I built a runbook generator with FastAPI and Groq — here's how it works

#devops #python #fastapi #opensource

Every time there's an incident or a deployment, I need a runbook. The structure is always the same: Overview → Prerequisites → Procedure → Verification → Troubleshooting → Rollback.

I got tired of filling in the same skeleton over and over, so I built Auto Runbook Generator.

What it does

Paste a Kubernetes YAML, a docker-compose file, or just describe your system in plain English. Pick a runbook type (deployment, incident response, rollback, maintenance, onboarding). Get a complete Markdown runbook back in seconds.

Live demo: https://auto-runbook-gen-v0-1-0.onrender.com

How I built it

Backend: FastAPI + AsyncGroq

The core is a single /api/generate endpoint. It takes the user's input and runbook type, builds a prompt, and calls Groq's API with llama-3.3-70b.

response = await get_groq().chat.completions.create(
    model="llama-3.3-70b-versatile",
    messages=[
        {"role": "system", "content": SYSTEM_PROMPT},
        {"role": "user", "content": user_prompt},
    ],
    max_tokens=2048,
    temperature=0.3,
)

I use AsyncGroq (not Groq) because FastAPI is async — calling a sync client inside an async endpoint blocks the event loop.

Rate limiting: slowapi

Free tier gets 10 generations/day per IP. Pro API key bypasses this.

@app.post("/api/generate")
@limiter.limit("10/day")
async def generate(request: Request, ...):

The system prompt matters a lot

The prompt enforces a consistent structure with 6 sections every time:

# [Service Name] Runbook
## Overview
## Prerequisites
## Procedure
## Verification
## Troubleshooting
## Rollback

Low temperature (0.3) keeps outputs consistent and factual rather than creative.

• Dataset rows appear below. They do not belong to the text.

Section markov_equivariance.
Context (R : realType) (dX dG : measure_display).
Context (X : measurableType dX) (G : measurableType dG).
Variables (s t : G -> X) (u : X -> G) (mul : G -> G -> G) (inv : G -> G).
Variables (picx : X -> probability G R) (P : G -> probability (path_space G) R).
Local Open Scope ereal_scope.
Hypothesis gpd : is_borel_groupoid s t u mul inv.
Hypothesis measurable_point : forall x : X, measurable [set x].
Hypothesis picx_fibre : forall x, picx x [set g | t g <> x] = 0.
Hypothesis P_markov : markov_family s t mul picx P.

Definition fibre_paths (x : X) : set (path_space G) := [set w | forall n, t (w n) = x].

Definition lmul_path (k : G) (w : path_space G) : path_space G := fun n => mul k (w n).

Lemma measurable_fibre x : measurable [set g : G | t g = x].
Proof.
by have := gpd_meas_t gpd measurableT (measurable_point x); rewrite setTI.
Qed.

Lemma measurable_lmul_fibre k (B : set G) : measurable B ->
  measurable [set g | t g = s k /\ B (mul k g)].
Proof.
move=> mB; have mk : measurable_fun [set g | t g = s k] (fun g => (k, g)).
  exact/measurable_funTS/measurable_fun_pair.
have k_comp : (fun g => (k, g)) @` [set g | t g = s k] `<=`
    [set p : G * G | s p.1 = t p.2] by move=> _ [g /= tg <-]; rewrite /= tg.
exact: (measurable_comp (gpd_meas_comp gpd) k_comp (gpd_meas_mul gpd) mk)
  (measurable_fibre (s k)) B mB.
Qed.

Lemma measurable_fibre_paths x : measurable (fibre_paths x).
Proof.
exact: (@measurable_cylinder _ _ (fun=> [set g | t g = x]) (fun=> measurable_fibre x)).
Qed.

Lemma fibre_lmul_cylinder k A :
  fibre_paths (s k) `&` lmul_path k @^-1` cylinder A =
  cylinder (fun n => [set g | t g = s k /\ A n (mul k g)]).
Proof.
apply/seteqP; split => [w [tw Aw] n|w Aw]; first by split.
by split => n; have [] := Aw n.
Qed.

Lemma measurable_lmul_path k : measurable_fun (fibre_paths (s k)) (lmul_path k).
Proof.
apply: (@measurability _ _ _ _ (fibre_paths (s k)) (lmul_path k) (@coord_sets _ G)) => //.
move=> _ [_ [n [A [mA ->]]] <-].
rewrite (_ : [set w | A (w n)] = cylinder (fun i => if i == n then A else setT)).
  rewrite fibre_lmul_cylinder; apply: measurable_cylinder => i.
  by apply: measurable_lmul_fibre; case: ifP.
apply/seteqP; split => [w Aw i|w Aw]; first by case: ifP => // /eqP ->.
by have := Aw n; rewrite eqxx.
Qed.

Lemma markov_coord_off_fibre n h : P h [set w | t (w n) <> t h] = 0.
Proof.
elim: n h => [|n IH] h.
  have := P_markov.2 h _ setT (measurableC (measurable_fibre (t h))) measurableT.
  rewrite (_ : [set w | _ /\ _] = [set w | t (w 0%N) <> t h]); last first.
    by apply/seteqP; split => w /=; [case|move=> ?; split].
  by move=> ->; rewrite indicE memNset ?mul0e//= => /(_ erefl).
have mC := measurable_coord n (measurableC (measurable_fibre (t h))).
have := P_markov.2 h setT _ measurableT mC.
rewrite (_ : [set w | _ /\ _] = [set w | t (w n.+1) <> t h]); last first.
  by apply/seteqP; split => w /=; [case|move=> ?; split].
move=> ->; rewrite integral0_eq ?mule0// => h' /= th'.
by rewrite -(gpd_t_mul gpd (esym th')); exact: IH.
Qed.

Lemma markov_fibre_paths h : P h (fibre_paths (t h)) = 1.
Proof.
have mC := measurableC (measurable_fibre_paths (t h)).
suff null : P h (~` fibre_paths (t h)) = 0.
  by have := probability_setC (P h) mC; rewrite setCK null sube0.
apply/eqP; rewrite eq_le measure_ge0 andbT.
apply: (le_trans (measure_sigma_subadditive _ _ mC _)).
- by move=> n; exact: measurable_coord (measurableC (measurable_fibre (t h))).
- by move=> w /existsNP[n tw]; exists n.
by rewrite eseries0// => n _ _; exact: markov_coord_off_fibre.
Qed.

Lemma markov_lmul_cylinder N A h k :
  (forall n, measurable (A n)) -> (forall n, (N <= n)%N -> A n = setT) ->
  s k = t h ->
  P h (cylinder (fun n => [set g | t g = s k /\ A n (mul k g)])) =
  P (mul k h) (cylinder A).
Proof.
elim: N A h => [|N IH] A h mA AT skh.
  have -> : cylinder A = setT by apply/seteqP; split => // w _ n; rewrite AT.
  have -> : cylinder (fun n => [set g | t g = s k /\ A n (mul k g)]) =
      fibre_paths (t h).
    by apply/seteqP; split => w tw n; [case: (tw n) => ->|split; rewrite ?AT // skh].
  by rewrite markov_fibre_paths probability_setT.
have mAk n : measurable [set g | t g = s k /\ A n (mul k g)].
  exact: measurable_lmul_fibre.
rewrite cylinder_shift [in RHS]cylinder_shift.
rewrite (P_markov.2 _ _ _ (mAk 0%N) (measurable_cylinder (fun n => mAk n.+1))).
rewrite (P_markov.2 _ _ _ (mA 0%N) (measurable_cylinder (fun n => mA n.+1))).
rewrite (gpd_s_mul gpd skh); congr (_ * _).
  rewrite !indicE; congr (_%:R%:E).
  have [Akh|nAkh] := pselect (A 0%N (mul k h)).
    by rewrite (mem_set Akh) (@mem_set _ [set g | _] h (conj (esym skh) Akh)).
  by rewrite !memNset // => -[].
apply: eq_integral => h' /set_mem /= th'.
have thh' : t (mul h h') = t h := gpd_t_mul gpd (esym th').
rewrite (gpd_assoc gpd skh (esym th')); apply: IH => //.
  by move=> n Nn; exact: AT.
by rewrite thh'.
Qed.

Frontend: zero dependencies

Single HTML file, vanilla JS. fetch() to call the API, navigator.clipboard to copy the result. No React, no build step.

Deploy: Docker on Render

FROM python:3.12-slim
WORKDIR /app
COPY requirements.txt .
RUN pip install --no-cache-dir -r requirements.txt
COPY . .
CMD ["uvicorn", "app.main:app", "--host", "0.0.0.0", "--port", "8000"]

Results

The output quality is good enough to use directly for most common cases. Kubernetes and Docker scenarios work especially well since the LLM has strong training data for those.